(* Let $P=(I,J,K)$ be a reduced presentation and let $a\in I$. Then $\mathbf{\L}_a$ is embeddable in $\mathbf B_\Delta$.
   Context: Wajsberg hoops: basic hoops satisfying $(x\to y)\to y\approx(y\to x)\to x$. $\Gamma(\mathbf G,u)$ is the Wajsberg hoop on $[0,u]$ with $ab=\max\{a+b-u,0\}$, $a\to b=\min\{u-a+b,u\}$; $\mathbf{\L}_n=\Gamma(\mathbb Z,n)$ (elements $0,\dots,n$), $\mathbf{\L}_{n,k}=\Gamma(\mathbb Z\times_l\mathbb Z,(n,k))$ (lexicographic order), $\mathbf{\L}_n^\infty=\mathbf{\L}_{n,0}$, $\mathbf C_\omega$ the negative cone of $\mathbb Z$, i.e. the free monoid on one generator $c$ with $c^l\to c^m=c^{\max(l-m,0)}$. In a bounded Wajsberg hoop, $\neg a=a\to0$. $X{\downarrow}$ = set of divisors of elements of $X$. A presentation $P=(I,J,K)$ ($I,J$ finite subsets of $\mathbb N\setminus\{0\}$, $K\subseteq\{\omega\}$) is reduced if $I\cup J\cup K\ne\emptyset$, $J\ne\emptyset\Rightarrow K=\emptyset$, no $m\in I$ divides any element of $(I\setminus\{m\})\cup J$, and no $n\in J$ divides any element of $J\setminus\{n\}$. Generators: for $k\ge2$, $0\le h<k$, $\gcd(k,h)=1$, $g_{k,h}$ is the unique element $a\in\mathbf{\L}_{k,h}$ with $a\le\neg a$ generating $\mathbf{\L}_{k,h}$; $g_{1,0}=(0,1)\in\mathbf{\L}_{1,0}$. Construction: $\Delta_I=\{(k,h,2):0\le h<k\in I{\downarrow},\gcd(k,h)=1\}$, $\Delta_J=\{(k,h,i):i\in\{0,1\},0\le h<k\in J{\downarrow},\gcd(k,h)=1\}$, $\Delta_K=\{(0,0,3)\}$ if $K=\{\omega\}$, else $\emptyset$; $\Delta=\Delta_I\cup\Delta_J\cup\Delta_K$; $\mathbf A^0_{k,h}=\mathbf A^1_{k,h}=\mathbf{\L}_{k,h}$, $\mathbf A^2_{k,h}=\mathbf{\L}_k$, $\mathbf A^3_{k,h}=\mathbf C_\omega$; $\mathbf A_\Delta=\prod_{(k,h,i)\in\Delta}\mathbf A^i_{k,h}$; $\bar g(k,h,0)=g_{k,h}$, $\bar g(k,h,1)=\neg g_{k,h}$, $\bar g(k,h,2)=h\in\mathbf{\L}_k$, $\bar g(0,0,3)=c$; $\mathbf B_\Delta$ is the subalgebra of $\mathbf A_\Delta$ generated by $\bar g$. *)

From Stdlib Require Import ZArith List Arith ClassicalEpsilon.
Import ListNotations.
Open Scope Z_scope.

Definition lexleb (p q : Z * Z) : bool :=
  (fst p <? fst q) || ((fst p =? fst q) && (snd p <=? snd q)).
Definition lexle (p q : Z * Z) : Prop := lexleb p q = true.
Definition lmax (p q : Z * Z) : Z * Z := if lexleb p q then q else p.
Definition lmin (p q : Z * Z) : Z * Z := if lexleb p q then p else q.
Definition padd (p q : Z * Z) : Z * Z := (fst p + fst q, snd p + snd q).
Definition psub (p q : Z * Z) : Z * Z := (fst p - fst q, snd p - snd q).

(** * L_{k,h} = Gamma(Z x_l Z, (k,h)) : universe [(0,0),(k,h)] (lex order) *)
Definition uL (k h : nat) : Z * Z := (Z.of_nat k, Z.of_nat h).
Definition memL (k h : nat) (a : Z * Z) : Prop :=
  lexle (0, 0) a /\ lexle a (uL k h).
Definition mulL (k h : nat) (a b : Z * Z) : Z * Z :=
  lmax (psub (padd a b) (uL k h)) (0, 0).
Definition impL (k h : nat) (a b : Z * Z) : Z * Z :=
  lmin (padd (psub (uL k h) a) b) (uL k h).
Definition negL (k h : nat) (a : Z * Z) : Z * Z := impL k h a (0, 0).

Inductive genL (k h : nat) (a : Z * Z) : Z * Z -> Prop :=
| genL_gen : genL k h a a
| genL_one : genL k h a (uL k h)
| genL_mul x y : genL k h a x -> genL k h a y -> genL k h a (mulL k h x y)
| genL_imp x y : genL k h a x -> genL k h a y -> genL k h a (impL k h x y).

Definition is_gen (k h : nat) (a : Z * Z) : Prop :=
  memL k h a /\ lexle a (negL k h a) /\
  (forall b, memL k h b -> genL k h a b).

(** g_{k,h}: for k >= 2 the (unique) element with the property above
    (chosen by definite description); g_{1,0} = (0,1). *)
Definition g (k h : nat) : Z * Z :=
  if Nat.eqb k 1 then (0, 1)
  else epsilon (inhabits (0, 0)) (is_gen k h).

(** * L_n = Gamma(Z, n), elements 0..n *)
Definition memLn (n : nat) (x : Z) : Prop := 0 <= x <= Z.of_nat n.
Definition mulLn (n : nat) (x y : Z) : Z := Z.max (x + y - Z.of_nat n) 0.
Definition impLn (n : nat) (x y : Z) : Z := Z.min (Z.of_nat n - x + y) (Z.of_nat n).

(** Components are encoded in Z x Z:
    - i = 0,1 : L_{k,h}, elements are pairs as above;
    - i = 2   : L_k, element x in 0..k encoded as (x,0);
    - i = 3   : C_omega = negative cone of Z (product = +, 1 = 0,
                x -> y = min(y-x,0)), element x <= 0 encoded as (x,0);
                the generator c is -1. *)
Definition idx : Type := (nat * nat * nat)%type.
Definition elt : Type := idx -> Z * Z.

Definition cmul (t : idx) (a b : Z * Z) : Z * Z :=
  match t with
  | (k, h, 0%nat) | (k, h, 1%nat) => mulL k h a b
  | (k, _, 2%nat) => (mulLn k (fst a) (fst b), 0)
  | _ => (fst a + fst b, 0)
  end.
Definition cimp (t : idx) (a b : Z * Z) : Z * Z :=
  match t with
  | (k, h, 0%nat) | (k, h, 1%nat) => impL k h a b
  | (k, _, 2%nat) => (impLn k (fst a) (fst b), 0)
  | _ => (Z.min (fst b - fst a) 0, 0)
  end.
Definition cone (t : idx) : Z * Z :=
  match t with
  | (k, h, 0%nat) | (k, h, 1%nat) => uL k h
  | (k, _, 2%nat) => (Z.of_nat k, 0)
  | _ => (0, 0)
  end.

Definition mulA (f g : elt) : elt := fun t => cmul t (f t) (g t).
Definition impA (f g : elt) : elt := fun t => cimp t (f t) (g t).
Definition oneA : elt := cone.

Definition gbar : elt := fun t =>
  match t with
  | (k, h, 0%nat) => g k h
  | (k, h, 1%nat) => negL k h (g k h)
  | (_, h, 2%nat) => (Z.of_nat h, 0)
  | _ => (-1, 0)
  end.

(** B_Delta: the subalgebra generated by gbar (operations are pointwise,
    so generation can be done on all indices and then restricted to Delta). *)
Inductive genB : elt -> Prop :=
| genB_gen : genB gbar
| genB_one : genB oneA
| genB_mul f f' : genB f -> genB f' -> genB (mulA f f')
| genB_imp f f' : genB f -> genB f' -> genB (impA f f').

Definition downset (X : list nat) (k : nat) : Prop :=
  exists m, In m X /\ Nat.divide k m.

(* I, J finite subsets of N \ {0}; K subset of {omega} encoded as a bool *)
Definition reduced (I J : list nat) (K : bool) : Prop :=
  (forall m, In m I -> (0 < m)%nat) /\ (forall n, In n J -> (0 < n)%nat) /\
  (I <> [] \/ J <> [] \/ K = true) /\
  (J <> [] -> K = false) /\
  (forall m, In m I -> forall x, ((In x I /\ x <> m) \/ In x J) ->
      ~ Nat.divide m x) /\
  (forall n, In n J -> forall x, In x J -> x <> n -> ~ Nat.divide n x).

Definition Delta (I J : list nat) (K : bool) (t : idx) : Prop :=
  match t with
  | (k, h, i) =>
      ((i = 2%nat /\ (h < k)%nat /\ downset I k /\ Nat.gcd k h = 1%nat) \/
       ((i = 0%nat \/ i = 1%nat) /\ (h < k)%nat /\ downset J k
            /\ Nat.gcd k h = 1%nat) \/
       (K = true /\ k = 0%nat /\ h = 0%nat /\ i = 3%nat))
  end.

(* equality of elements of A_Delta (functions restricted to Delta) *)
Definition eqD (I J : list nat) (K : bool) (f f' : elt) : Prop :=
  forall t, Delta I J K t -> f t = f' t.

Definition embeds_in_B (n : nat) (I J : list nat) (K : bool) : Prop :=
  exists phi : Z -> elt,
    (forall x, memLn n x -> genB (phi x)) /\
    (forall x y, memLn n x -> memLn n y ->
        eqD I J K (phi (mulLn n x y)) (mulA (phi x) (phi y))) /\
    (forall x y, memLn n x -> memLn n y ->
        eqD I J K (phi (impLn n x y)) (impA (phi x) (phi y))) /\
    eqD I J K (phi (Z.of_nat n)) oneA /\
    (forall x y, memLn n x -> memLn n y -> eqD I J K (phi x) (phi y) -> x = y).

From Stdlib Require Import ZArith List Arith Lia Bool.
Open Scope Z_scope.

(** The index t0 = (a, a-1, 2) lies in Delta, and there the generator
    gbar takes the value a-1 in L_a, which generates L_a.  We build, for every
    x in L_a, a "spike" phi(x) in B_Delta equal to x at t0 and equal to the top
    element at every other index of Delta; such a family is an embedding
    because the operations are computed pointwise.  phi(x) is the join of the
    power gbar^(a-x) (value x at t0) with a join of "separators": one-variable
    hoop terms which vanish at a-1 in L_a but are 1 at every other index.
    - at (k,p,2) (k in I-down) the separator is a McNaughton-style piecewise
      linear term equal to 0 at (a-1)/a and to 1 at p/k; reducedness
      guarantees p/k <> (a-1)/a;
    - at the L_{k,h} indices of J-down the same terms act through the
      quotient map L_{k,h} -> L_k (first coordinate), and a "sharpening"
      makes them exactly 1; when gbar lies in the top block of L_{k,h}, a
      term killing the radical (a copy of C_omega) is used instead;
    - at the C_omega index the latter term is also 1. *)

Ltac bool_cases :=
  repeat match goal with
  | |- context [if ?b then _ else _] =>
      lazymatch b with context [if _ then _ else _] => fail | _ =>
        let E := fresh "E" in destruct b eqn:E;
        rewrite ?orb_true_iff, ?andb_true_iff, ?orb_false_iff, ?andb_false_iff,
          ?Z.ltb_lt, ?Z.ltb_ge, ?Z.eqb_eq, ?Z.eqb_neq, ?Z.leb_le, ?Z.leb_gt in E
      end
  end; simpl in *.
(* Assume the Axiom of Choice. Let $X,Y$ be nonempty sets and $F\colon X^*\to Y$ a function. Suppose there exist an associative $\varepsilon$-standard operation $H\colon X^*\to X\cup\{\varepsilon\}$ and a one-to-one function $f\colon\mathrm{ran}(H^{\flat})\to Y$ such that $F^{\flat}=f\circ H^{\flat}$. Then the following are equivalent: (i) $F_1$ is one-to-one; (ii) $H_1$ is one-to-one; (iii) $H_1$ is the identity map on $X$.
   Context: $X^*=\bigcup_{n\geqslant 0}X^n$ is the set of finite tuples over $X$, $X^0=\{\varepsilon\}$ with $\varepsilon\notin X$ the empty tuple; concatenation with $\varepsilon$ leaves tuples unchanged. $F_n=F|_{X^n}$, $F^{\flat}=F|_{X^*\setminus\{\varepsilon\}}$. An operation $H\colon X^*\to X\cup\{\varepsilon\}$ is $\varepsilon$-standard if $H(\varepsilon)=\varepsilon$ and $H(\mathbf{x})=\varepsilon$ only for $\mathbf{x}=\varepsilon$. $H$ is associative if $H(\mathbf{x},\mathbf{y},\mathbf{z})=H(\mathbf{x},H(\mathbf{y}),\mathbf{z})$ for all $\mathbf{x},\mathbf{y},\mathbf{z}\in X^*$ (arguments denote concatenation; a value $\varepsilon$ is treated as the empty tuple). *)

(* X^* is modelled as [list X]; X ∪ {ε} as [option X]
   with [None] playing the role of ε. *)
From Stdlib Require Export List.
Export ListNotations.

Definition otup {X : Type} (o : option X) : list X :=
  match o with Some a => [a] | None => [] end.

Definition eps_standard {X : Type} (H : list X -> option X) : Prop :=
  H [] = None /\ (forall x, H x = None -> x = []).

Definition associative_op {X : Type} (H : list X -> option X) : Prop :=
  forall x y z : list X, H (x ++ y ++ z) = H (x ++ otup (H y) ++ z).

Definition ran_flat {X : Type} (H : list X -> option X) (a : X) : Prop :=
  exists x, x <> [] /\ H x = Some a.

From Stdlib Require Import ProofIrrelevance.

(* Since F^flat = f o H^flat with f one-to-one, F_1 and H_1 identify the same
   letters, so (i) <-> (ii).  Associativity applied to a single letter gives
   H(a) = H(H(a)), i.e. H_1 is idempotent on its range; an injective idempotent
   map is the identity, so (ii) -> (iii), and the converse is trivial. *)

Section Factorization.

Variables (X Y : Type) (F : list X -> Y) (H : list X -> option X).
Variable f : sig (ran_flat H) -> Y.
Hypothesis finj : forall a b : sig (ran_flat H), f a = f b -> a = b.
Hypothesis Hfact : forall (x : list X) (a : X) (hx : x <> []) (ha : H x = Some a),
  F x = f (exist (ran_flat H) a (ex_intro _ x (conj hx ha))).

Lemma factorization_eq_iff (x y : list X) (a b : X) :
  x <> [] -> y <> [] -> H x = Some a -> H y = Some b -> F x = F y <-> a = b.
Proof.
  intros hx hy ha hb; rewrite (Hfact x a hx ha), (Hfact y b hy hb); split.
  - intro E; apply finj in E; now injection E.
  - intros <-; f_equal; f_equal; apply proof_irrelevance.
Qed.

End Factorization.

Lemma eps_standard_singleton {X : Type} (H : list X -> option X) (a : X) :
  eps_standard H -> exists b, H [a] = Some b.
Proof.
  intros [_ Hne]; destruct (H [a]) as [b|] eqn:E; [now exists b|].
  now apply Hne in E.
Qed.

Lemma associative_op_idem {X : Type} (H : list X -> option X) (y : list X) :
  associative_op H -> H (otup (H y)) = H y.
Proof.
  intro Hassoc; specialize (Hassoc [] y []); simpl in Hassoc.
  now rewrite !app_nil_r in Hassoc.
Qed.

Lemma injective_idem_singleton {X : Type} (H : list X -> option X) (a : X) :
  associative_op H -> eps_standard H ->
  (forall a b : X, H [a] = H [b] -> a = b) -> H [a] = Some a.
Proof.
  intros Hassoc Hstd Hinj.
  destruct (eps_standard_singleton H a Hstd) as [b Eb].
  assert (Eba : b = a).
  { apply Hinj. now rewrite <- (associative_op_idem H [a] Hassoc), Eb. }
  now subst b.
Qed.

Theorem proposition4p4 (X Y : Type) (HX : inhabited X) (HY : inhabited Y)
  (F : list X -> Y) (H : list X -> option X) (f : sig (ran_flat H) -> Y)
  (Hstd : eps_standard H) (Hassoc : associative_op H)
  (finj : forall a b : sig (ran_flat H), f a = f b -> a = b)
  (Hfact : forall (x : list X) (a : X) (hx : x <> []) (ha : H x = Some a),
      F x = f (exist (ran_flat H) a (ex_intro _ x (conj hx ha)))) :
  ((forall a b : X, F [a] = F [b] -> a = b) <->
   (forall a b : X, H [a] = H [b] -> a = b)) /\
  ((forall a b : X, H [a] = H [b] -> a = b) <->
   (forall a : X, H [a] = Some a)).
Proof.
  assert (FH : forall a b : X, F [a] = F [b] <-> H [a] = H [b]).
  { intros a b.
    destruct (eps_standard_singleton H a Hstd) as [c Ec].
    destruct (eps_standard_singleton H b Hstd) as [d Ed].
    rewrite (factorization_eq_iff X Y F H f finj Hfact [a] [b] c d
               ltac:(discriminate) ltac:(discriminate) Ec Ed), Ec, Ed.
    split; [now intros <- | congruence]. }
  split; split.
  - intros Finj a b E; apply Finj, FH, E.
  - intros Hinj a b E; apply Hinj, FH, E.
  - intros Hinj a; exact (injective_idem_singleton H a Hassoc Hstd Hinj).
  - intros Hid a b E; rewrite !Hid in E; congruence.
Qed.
================
Assignment:
Beginning with the line containing "gbar takes the" and ending with the line containing "guarantees p/k <> (a-1)/a;", extract those lines exactly from the listing above, and only those.

Reply:
    gbar takes the value a-1 in L_a, which generates L_a.  We build, for every
    x in L_a, a "spike" phi(x) in B_Delta equal to x at t0 and equal to the top
    element at every other index of Delta; such a family is an embedding
    because the operations are computed pointwise.  phi(x) is the join of the
    power gbar^(a-x) (value x at t0) with a join of "separators": one-variable
    hoop terms which vanish at a-1 in L_a but are 1 at every other index.
    - at (k,p,2) (k in I-down) the separator is a McNaughton-style piecewise
      linear term equal to 0 at (a-1)/a and to 1 at p/k; reducedness
      guarantees p/k <> (a-1)/a;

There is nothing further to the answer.